Get Started with Toolkit

The SupWSD toolkit is a supervised word sense disambiguation system. The flexible framework of SupWSD allows users to combine different preprocessing modules, to select features extractors and choose which classifier to use. SupWSD is very light and has very small memory requirements; it provides a simple xml file to configure the disambiguation process.

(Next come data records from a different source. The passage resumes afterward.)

(* Let $\mathcal{R}$ be a term rewrite system and let $M=(S,s_0,L,\delta,\mathit{out})$ be a set automaton constructed from $\mathcal{R}$ (as described in the context). Let $t,t'$ be ground terms, $ct,ct'$ configuration trees and $p$ a position. Then: (i) if $ct\sqsubseteq\mathit{completed}(t)$ then $\mathit{grow}(ct,s,q,t)\sqsubseteq\mathit{completed}(t)$ for all $(s,q)\in\mathit{buds}(ct)$; (ii) if $ct\sqsubseteq ct'$ then $\mathit{prune}(ct,p)\sqsubseteq\mathit{prune}(ct',p)$; (iii) $\mathit{prune}(ct,p)\sqsubseteq ct$; (iv) if $t\xrightarrow{(\ell\to r)@p}t'$ for some rule $\ell\to r\in\mathcal{R}$, then $\mathit{prune}(\mathit{completed}(t),p)=\mathit{prune}(\mathit{completed}(t'),p)$; (v) if $ct[p]$ exists then $\mathit{nodes}(\mathit{prune}(ct,p))=\mathit{nodes}(ct)\setminus\mathit{nodes}(ct[p])$.
   Context: Terms: $\mathbb{F}$ is a finite ranked alphabet with arity map $\#$, $\mathbb{V}$ a set of variables, $\mathbb{T}(\mathbb{F},\mathbb{V})$ the terms. Positions are finite lists of positive integers; $\epsilon$ is the empty list, $p.q$ concatenation, $p\le q$ means $p$ is a prefix of $q$. $\mathcal{D}(t)$ is the set of positions of $t$, $\mathcal{E}(t)\subseteq\mathcal{D}(t)$ those holding variables, $t|_p$ the subterm at $p$, $t[u]_p$ replacement, $\mathrm{hd}(t)$ the head symbol. A TRS $\mathcal{R}$ is a finite nonempty set of rules $\ell\to r$ with $\ell$ not a variable and $\mathrm{vars}(r)\subseteq\mathrm{vars}(\ell)$; $\mathcal{L}$ is its set of left-hand sides. $t\xrightarrow{(\ell\to r)@p}t'$ means $t=u[\ell^\sigma]_p$ and $t'=u[r^\sigma]_p$ for some term $u$ and substitution $\sigma$. Set automaton construction. Let $\mathrm{sub}(\mathcal{L})$ be the set of subterms $\ell|_q$ with $\ell\in\mathcal{L}$, $q\in\mathcal{D}(\ell)\setminus\mathcal{E}(\ell)$. A match goal, written $\ell_1@p_1,\dots,\ell_n@p_n\hookrightarrow\ell@p$ ($n\ge1$), consists of a nonempty obligation $mo=\{\ell_1@p_1,\dots,\ell_n@p_n\}$ with $\ell_i\in\mathrm{sub}(\mathcal{L})$ and an announcement $\ell@p$ with $\ell\in\mathcal{L}$; $\mathrm{pos}(mo)=\{p_1,\dots,p_n\}$. States are nonempty sets of match goals; $s_0=\{\ell@\epsilon\hookrightarrow\ell@\epsilon\mid\ell\in\mathcal{L}\}$; $S$ is the set of states reachable from $s_0$ via $\delta$. Each state $s$ gets a fixed label $L(s)\in\mathrm{pos}(mo)$ for some goal $mo\hookrightarrow\ell@\epsilon\in s$. Let $\mathrm{reduce}(mo,f,p)=\{\ell'@q\in mo\mid q\ne p\}\cup\{\ell'|_i@p.i\mid \ell'@p\in mo,1\le i\le\#f,\ell'|_i\notin\mathbb{V}\}$. For $f\in\mathbb{F}$, $\mathrm{deriv}(s,f)$ is the union of: $\{\mathrm{reduce}(mo,f,L(s))\hookrightarrow ma\mid mo\hookrightarrow ma\in s,\ \exists\ell'.\ \ell'@L(s)\in mo\wedge\mathrm{hd}(\ell')=f,\ \mathrm{reduce}(mo,f,L(s))\neq\emptyset\}$; $\{mo\hookrightarrow ma\in s\mid L(s)\notin\mathrm{pos}(mo)\}$; and $\{\ell@L(s).i\hookrightarrow\ell@L(s).i\mid\ell\in\mathcal{L},1\le i\le\#f\}$. Two goals are directly dependent if their obligation position sets intersect; dependency is the transitive closure, an equivalence. For an equivalence class $K$ of $\mathrm{deriv}(s,f)$, $\mathrm{gcp}(K)$ is the greatest common prefix of the announcement positions of $K$, and $\mathrm{lift}(K)$ is obtained by removing the prefix $\mathrm{gcp}(K)$ from every position occurring in $K$. Then $\delta(s,f)=\{(\mathrm{lift}(K),\mathrm{gcp}(K))\mid K$ a dependency class of $\mathrm{deriv}(s,f)\}$ and $\mathit{out}(s,f)=\{(\ell\to r)@p\mid\ell\to r\in\mathcal{R},\ f(x_1,\dots,x_{\#f})@L(s)\hookrightarrow\ell@p\in s,\ x_i\in\mathbb{V}\}$. Configuration trees: $ct::=\mathit{bud}(s,p)\mid\mathit{node}(s,p,cts)$ with $(s,p)\in S\times$positions and $cts$ a finite, possibly empty set of configuration trees. $\mathit{buds}(ct)$ / $\mathit{nodes}(ct)$ are the sets of configurations labelling bud / node vertices of $ct$. For ground $t$: $\mathit{completed}(s,p,t)=\mathit{node}(s,p,\{\mathit{completed}(s',p.p',t)\mid(s',p')\in\delta(s,\mathrm{hd}(t|_{p.L(s)}))\})$ and $\mathit{completed}(t)=\mathit{completed}(s_0,\epsilon,t)$. $\mathit{grow}(ct,s,p,t)$: if $ct=\mathit{bud}(s,p)$ it is $\mathit{node}(s,p,\{\mathit{bud}(s',p.p')\mid(s',p')\in\delta(s,\mathrm{hd}(t|_{p.L(s)}))\})$; if $ct=\mathit{bud}(s',p')$ with $(s',p')\ne(s,p)$ it is $ct$; if $ct=\mathit{node}(s',p',cts)$ it is $\mathit{node}(s',p',\{\mathit{grow}(c,s,p,t)\mid c\in cts\})$. $\mathit{prune}(\mathit{bud}(s,p),q)=\mathit{bud}(s,p)$; $\mathit{prune}(\mathit{node}(s,p,cts),q)=\mathit{bud}(s,p)$ if $p.L(s)=q$ and $\mathit{node}(s,p,\{\mathit{prune}(c,q)\mid c\in cts\})$ otherwise. $ct[p]$ denotes the subtree of $ct$ whose root configuration $(s,q)$ satisfies $q.L(s)=p$. The fragment relation $\sqsubseteq$ is the smallest relation with $\mathit{bud}(s,p)\sqsubseteq\mathit{bud}(s,p)$, $\mathit{bud}(s,p)\sqsubseteq\mathit{node}(s,p,cts)$, and $\mathit{node}(s,p,cts)\sqsubseteq\mathit{node}(s,p,cts')$ iff there is a bijection $\varphi:cts\to cts'$ with $c\sqsubseteq\varphi(c)$ for all $c\in cts$.
   Formalization: Part (v) holds only for configuration trees ct with $ct\sqsubseteq\mathit{completed}(t)$. The paper assumes this as well. *)

From HB Require Import structures.
From mathcomp Require Import all_boot finmap.
From Stdlib Require List Permutation.
Set Implicit Arguments. Unset Strict Implicit. Unset Printing Implicit Defensive.
Lemma dense_minterm_seq (r : seq I) x : uniq r ->
  (forall B : {ffun I -> bool},
     x `&` \meet_(i <- r) literal (B i) (gen i) = \bot) -> x = \bot.
Proof.
elim: r x => [|i r IH] x /=.
  by move=> _ /(_ [ffun => true]); rewrite big_nil meetx1.
case/andP => i_r r_uniq x_disj.
have x_lit b : x `&` literal b (gen i) = \bot.
  apply: IH => // B; have := x_disj [ffun j => if j == i then b else B j].
  rewrite big_cons ffunE eqxx meetA => <-; congr (_ `&` _).
  apply: eq_big_seq => j j_r; rewrite ffunE; case: eqP => // ji.
  by rewrite -ji j_r in i_r.
have x_sg : x <= star (gen i) by apply: le_star; rewrite meetC (x_lit true).
have x_ssg : x <= star (star (gen i)).
  by apply: le_star; rewrite meetC (x_lit false).
by apply/eqP; rewrite -lex0 -(meet_star (star (gen i))) lexI x_sg x_ssg.
Qed.

Lemma dense_minterm : dense_family minterm.
Proof. by move=> x x_disj; apply: (dense_minterm_seq (enum_uniq I)). Qed.

Lemma spanned_minterm (A : finType) (atom : A -> T) B :
  disjoint_family atom -> dense_family atom ->
  (forall i, spanned atom (gen i)) -> spanned atom (minterm B).
Proof.
move=> dj dn spgen; apply: minterm_ind B; first exact: spanned_top.
  exact: spanned_meet.
by move=> [] i /=; last apply: (spanned_star dj dn); apply: spgen.
Qed.

End Minterms.

Section PcdmAlgebra.
Variable neg : T -> T.
Hypotheses (negK : involutive neg)
  (negU : forall x y : T, neg (x `|` y) = neg x `&` neg y).

Definition negstar x := star (neg x).

Lemma negstarI x y : negstar (x `&` y) = negstar x `&` negstar y.
Proof. by rewrite /negstar negI // starU. Qed.

Lemma negstarU x y : negstar (x `|` y) = sjoin (negstar x) (negstar y).
Proof. by rewrite /negstar negU starI. Qed.

Lemma negstar_mono x y : x <= y -> negstar x <= negstar y.
Proof. by move=> xy; rewrite /negstar star_anti // neg_anti. Qed.

Lemma negstar1 : negstar \top = \top.
Proof. by rewrite /negstar neg1 // star0. Qed.

Lemma negstar0 : negstar \bot = \bot.
Proof. by rewrite /negstar neg0 // star1. Qed.

Lemma negstar_neg x : negstar (neg x) = star x.
Proof. by rewrite /negstar negK. Qed.

Lemma skeletal_negstar x : skeletal (negstar x).
Proof. exact: skeletal_star. Qed.

Lemma negstar_star_sym x y : x <= negstar (star y) -> y <= negstar (star x).
Proof.
move=> /le_star_meet; rewrite meetC => /le_star y_sx.
have nsx_sy : neg (star x) <= star y by rewrite -(neg_le negK negU) negK.
by apply: le_star; rewrite meetC; apply: le_star_meet.
Qed.

Hypothesis regular : forall x y : T, x `&` neg (star (neg x)) <= y `|` star y.

Lemma join_neg_negstar y : y `|` neg (negstar y) = \top.
Proof. by rewrite -[LHS]negK negU negK meet_star neg0. Qed.

Lemma le_of_star_negstar x y : star x = star y -> negstar x = negstar y -> x <= y.
Proof.
move=> sxy nsxy; have x_y : x `&` neg (negstar x) <= y.
  have := regular x y; rewrite -sxy => reg.
  have : x `&` neg (negstar x) <= x `&` (y `|` star x) by rewrite lexI leIl reg.
  by rewrite meetUr meet_star joinx0 => /le_trans; apply; apply: leIr.
by rewrite -[x]meetx1 -(join_neg_negstar y) meetUr leUx leIr -nsxy.
Qed.

Lemma star_negstar_inj x y : star x = star y -> negstar x = negstar y -> x = y.
Proof. by move=> sxy nsxy; apply/le_anti; rewrite !le_of_star_negstar. Qed.

Definition bifixed z := negstar z = z /\ negstar (star z) = star z.

Lemma skeletal_bifixed z : bifixed z -> skeletal z.
Proof. by case=> nsz _; rewrite -nsz; apply: skeletal_negstar. Qed.

Lemma bifixed_star z : bifixed z -> bifixed (star z).
Proof.
by move=> bz; have skz := skeletal_bifixed bz; case: bz => nsz nssz; split; rewrite ?skz.
Qed.

Lemma bifixed_top : bifixed \top.
Proof. by split; rewrite ?negstar1 // star1 negstar0. Qed.

Lemma negstar_sjoin x z :
  skeletal x -> bifixed z -> negstar (sjoin x z) = sjoin (negstar x) z.
Proof.
move=> skx [nsz nssz]; set j := sjoin x z.
have x_j : x <= j.
  by apply/le_star/eqP; rewrite -lex0 meetAC (meetC (star x)) meet_star meet0x.
have z_j : z <= j.
  by apply/le_star/eqP; rewrite -lex0 -meetA (meetC (star z)) meet_star meetx0.
apply/le_anti/andP; split.
  have j_x : negstar j `&` star z <= negstar x.
    rewrite -nssz -negstarI; apply: negstar_mono.
    by rewrite -[X in _ <= X]skx; apply: le_star; rewrite meetCA meetC meet_star.
  apply/le_star/eqP; rewrite -lex0 -(meet_star (negstar x)) meetC lexI.
  by rewrite meetCA leIl andbT (le_trans _ j_x) // leIr.
rewrite -(skeletal_negstar j); apply: star_anti.
rewrite lexI; apply/andP; split; apply: star_anti; first exact: negstar_mono.
by rewrite -nsz; apply: negstar_mono.
Qed.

The SupWSD toolkit requires JRE 1.8 or above. The zip file is available from the download page.

Installation

To work with the SupWSD toolkit, unpack the zip file with:

Copied to clipboard
unzip supwsd-toolkit.zip

You must also define the path of the Wordnet dictionary in resources/wndictionary/prop.xml, through the value attribute of the dictionary_path parameter.

Running the Toolkit

To train one model, navigate to the installation folder using your shell and type:

Copied to clipboard
java -jar supwsd-toolkit.jar train config/supwsd.xml corpus.xml senses.keys

To test one file, navigate to the installation folder using your shell and type:

Copied to clipboard
java -jar supwsd-toolkit.jar test config/supwsd.xml tests.xml responses.keys

The toolkit will print precision, recall, and F-measure values at the end of the test run.

See an example of training instances and keys from Word Sense Disambiguation: a Unified Evaluation Framework and Empirical Comparison

Working with Eclipse

Create your Eclipse project (File > New > Maven or Grandle project, give the project a name and click Finish). This creates a new folder with the project name under the Eclipse workspace folder.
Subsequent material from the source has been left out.